Exercise goal: Transcribe exactly the lines that fall between the one holding "apply/fintype.subsetP => i; rewrite in_setD1" and the one holding "move=> hyp_empty; have", inclusive, from the entries below.

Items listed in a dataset
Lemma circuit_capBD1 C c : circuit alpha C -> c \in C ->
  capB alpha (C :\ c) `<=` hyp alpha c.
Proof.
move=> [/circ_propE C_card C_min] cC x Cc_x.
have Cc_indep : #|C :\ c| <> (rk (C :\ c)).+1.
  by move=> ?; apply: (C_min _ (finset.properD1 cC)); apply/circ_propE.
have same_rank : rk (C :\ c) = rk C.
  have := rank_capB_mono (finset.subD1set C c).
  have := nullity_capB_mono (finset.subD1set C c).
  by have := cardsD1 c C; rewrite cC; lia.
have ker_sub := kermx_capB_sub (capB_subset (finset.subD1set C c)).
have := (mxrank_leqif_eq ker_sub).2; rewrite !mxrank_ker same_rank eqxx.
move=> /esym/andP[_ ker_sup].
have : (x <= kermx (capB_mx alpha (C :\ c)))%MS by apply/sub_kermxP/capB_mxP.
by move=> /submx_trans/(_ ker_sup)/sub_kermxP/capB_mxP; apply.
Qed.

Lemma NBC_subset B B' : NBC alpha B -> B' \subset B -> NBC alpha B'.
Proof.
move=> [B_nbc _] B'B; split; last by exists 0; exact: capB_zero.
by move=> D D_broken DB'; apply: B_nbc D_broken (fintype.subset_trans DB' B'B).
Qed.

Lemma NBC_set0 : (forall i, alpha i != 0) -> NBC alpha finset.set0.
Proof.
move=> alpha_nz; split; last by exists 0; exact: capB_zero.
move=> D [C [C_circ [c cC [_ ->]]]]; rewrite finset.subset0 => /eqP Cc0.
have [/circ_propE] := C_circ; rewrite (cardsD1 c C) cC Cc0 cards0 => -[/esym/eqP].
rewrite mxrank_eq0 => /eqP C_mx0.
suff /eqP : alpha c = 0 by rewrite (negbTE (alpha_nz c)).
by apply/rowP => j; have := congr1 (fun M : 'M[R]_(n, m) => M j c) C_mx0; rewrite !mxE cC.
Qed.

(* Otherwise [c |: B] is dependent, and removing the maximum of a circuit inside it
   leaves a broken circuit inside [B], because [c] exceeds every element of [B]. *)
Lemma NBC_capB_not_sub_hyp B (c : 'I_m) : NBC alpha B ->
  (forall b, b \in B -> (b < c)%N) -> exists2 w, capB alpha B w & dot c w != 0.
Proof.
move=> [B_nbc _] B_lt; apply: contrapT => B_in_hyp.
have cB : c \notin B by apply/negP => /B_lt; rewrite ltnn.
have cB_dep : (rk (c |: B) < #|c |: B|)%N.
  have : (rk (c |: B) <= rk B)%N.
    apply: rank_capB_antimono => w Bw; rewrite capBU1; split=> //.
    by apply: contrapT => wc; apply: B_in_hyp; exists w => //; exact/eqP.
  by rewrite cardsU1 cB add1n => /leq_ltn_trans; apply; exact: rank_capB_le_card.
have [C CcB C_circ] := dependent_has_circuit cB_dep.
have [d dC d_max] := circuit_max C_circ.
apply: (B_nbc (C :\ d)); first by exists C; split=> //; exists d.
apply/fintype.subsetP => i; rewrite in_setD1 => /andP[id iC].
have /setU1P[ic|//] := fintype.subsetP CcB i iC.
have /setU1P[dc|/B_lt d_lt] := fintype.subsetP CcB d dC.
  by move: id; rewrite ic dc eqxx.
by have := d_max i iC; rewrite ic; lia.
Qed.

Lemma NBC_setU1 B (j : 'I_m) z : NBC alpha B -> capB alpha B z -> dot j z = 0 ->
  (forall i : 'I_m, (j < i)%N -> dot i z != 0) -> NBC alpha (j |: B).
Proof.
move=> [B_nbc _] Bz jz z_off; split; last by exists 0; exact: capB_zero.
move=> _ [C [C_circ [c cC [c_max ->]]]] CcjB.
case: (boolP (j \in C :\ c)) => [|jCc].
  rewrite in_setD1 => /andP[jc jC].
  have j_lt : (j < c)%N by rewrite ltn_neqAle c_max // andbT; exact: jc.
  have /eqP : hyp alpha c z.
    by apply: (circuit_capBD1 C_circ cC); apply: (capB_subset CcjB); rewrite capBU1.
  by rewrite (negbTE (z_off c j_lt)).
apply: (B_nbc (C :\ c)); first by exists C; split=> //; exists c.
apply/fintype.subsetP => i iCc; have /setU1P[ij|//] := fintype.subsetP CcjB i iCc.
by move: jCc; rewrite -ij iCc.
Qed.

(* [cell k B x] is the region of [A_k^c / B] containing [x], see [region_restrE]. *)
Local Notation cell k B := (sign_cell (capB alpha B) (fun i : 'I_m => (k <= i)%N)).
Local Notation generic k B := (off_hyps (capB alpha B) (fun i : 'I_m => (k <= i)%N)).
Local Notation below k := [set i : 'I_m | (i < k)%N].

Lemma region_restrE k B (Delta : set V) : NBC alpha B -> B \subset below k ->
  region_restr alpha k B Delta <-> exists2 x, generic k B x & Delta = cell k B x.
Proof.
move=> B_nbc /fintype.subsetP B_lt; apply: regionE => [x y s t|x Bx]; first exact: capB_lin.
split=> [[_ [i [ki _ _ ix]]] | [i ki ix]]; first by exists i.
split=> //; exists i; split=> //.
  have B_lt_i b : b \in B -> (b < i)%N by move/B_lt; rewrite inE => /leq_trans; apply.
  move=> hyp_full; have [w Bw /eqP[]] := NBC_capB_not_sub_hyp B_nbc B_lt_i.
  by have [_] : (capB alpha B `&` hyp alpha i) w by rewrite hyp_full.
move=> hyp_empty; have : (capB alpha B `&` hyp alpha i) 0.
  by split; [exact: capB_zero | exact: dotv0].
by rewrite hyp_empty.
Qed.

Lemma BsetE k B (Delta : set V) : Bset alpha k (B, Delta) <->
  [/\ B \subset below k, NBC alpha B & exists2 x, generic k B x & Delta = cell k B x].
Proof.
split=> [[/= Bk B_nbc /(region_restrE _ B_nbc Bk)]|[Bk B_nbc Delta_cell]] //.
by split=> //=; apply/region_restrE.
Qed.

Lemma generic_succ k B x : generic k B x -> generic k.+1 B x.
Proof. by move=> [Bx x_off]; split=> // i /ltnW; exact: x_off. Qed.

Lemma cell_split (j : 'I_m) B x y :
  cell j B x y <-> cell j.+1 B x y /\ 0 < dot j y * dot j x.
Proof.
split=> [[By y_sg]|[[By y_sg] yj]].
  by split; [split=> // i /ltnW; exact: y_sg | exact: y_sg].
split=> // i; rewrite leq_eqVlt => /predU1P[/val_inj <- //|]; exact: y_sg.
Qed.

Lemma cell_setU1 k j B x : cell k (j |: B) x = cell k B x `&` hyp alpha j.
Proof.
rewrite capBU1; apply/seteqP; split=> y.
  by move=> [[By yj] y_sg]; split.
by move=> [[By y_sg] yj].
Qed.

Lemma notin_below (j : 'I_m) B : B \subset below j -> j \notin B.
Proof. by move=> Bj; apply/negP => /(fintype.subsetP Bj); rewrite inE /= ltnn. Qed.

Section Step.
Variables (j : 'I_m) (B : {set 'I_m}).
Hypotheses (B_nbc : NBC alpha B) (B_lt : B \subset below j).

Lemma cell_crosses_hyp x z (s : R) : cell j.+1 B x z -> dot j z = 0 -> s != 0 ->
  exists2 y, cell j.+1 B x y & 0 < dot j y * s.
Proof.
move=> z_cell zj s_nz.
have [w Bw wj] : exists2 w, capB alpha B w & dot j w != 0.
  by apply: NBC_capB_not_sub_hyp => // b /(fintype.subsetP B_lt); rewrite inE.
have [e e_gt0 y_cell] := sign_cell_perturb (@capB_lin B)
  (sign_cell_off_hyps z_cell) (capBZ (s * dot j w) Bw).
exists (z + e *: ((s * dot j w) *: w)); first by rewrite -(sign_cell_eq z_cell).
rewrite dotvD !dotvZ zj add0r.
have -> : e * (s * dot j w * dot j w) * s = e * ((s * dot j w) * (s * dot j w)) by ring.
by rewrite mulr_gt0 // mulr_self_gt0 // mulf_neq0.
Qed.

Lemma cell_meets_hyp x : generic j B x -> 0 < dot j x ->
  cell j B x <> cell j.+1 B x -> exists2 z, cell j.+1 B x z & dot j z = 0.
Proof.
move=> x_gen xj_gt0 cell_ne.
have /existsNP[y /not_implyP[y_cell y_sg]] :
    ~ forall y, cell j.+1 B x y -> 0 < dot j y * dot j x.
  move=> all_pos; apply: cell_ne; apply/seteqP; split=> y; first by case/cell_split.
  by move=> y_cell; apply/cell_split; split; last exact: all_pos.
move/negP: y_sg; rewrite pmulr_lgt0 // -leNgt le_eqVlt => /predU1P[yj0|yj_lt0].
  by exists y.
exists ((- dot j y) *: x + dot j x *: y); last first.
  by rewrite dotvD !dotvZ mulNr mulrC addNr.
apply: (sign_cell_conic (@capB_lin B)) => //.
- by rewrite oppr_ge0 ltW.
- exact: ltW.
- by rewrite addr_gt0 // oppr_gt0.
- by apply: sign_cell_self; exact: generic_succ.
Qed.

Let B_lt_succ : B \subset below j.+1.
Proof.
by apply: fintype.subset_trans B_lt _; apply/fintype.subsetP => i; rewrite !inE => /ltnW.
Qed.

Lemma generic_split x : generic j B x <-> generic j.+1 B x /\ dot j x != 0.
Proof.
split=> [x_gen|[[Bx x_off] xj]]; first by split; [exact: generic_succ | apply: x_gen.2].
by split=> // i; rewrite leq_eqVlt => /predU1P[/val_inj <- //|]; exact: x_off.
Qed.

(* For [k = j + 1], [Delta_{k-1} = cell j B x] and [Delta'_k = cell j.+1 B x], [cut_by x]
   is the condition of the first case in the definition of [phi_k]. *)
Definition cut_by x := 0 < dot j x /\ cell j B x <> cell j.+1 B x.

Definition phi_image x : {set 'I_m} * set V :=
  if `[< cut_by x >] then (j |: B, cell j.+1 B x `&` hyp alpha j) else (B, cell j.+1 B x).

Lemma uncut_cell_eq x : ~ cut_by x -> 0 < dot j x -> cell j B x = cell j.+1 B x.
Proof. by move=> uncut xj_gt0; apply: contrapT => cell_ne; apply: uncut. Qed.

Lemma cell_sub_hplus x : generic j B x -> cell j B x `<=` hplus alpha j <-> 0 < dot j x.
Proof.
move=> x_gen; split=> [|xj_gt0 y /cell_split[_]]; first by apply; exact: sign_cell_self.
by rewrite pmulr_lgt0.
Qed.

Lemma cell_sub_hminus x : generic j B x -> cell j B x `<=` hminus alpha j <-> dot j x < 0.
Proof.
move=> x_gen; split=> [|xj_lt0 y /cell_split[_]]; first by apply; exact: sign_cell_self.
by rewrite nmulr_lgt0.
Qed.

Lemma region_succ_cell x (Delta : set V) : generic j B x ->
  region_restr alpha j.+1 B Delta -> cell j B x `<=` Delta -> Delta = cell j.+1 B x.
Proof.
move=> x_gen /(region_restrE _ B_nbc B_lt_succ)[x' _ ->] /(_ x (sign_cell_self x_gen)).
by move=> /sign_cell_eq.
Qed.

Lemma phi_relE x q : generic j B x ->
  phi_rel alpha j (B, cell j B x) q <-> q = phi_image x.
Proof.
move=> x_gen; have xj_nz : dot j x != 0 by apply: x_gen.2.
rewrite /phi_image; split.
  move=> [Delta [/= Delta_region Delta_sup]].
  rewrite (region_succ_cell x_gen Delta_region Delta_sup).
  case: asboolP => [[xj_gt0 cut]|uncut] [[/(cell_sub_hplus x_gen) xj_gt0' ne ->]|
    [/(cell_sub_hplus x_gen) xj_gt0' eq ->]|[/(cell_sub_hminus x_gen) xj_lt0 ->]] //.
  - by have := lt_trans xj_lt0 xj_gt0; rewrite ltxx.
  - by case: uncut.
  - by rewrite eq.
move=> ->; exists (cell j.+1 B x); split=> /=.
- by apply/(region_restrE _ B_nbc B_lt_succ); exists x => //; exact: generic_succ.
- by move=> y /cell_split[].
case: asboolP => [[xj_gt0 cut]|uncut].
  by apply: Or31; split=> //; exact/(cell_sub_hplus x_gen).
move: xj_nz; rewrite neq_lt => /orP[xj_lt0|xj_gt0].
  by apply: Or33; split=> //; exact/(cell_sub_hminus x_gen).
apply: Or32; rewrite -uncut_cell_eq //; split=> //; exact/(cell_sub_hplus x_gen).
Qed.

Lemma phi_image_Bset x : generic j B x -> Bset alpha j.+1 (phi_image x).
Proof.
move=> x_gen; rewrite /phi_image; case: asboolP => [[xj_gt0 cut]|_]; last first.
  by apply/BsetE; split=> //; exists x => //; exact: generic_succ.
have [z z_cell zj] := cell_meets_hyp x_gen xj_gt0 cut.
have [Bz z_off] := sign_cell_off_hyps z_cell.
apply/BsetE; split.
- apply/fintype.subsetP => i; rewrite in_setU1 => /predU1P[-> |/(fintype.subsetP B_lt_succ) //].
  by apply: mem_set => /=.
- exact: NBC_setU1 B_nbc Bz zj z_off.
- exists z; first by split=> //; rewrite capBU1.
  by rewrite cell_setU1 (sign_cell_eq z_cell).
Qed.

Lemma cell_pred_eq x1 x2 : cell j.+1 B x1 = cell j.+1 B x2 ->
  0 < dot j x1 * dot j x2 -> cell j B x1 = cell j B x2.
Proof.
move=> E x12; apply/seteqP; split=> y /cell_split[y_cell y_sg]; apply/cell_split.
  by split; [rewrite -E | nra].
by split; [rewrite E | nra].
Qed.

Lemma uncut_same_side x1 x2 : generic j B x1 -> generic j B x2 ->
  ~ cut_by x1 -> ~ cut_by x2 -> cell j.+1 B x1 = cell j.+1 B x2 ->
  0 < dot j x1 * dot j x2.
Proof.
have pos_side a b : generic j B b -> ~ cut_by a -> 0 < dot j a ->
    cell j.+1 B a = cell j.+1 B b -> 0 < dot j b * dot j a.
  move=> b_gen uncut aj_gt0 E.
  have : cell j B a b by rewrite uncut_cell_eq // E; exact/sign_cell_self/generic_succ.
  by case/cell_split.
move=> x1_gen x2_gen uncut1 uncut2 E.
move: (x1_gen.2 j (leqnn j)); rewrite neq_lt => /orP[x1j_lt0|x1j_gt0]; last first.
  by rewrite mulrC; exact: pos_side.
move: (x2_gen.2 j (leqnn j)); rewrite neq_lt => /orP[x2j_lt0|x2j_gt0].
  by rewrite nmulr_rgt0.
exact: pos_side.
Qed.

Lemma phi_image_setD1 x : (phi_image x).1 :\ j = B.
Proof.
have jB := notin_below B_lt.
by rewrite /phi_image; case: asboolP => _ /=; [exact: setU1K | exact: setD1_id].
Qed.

Problem solution:
apply/fintype.subsetP => i; rewrite in_setD1 => /andP[id iC].
have /setU1P[ic|//] := fintype.subsetP CcB i iC.
have /setU1P[dc|/B_lt d_lt] := fintype.subsetP CcB d dC.
  by move: id; rewrite ic dc eqxx.
by have := d_max i iC; rewrite ic; lia.
Qed.

Lemma NBC_setU1 B (j : 'I_m) z : NBC alpha B -> capB alpha B z -> dot j z = 0 ->
  (forall i : 'I_m, (j < i)%N -> dot i z != 0) -> NBC alpha (j |: B).
Proof.
move=> [B_nbc _] Bz jz z_off; split; last by exists 0; exact: capB_zero.
move=> _ [C [C_circ [c cC [c_max ->]]]] CcjB.
case: (boolP (j \in C :\ c)) => [|jCc].
  rewrite in_setD1 => /andP[jc jC].
  have j_lt : (j < c)%N by rewrite ltn_neqAle c_max // andbT; exact: jc.
  have /eqP : hyp alpha c z.
    by apply: (circuit_capBD1 C_circ cC); apply: (capB_subset CcjB); rewrite capBU1.
  by rewrite (negbTE (z_off c j_lt)).
apply: (B_nbc (C :\ c)); first by exists C; split=> //; exists c.
apply/fintype.subsetP => i iCc; have /setU1P[ij|//] := fintype.subsetP CcjB i iCc.
by move: jCc; rewrite -ij iCc.
Qed.

(* [cell k B x] is the region of [A_k^c / B] containing [x], see [region_restrE]. *)
Local Notation cell k B := (sign_cell (capB alpha B) (fun i : 'I_m => (k <= i)%N)).
Local Notation generic k B := (off_hyps (capB alpha B) (fun i : 'I_m => (k <= i)%N)).
Local Notation below k := [set i : 'I_m | (i < k)%N].

Lemma region_restrE k B (Delta : set V) : NBC alpha B -> B \subset below k ->
  region_restr alpha k B Delta <-> exists2 x, generic k B x & Delta = cell k B x.
Proof.
move=> B_nbc /fintype.subsetP B_lt; apply: regionE => [x y s t|x Bx]; first exact: capB_lin.
split=> [[_ [i [ki _ _ ix]]] | [i ki ix]]; first by exists i.
split=> //; exists i; split=> //.
  have B_lt_i b : b \in B -> (b < i)%N by move/B_lt; rewrite inE => /leq_trans; apply.
  move=> hyp_full; have [w Bw /eqP[]] := NBC_capB_not_sub_hyp B_nbc B_lt_i.
  by have [_] : (capB alpha B `&` hyp alpha i) w by rewrite hyp_full.
move=> hyp_empty; have : (capB alpha B `&` hyp alpha i) 0.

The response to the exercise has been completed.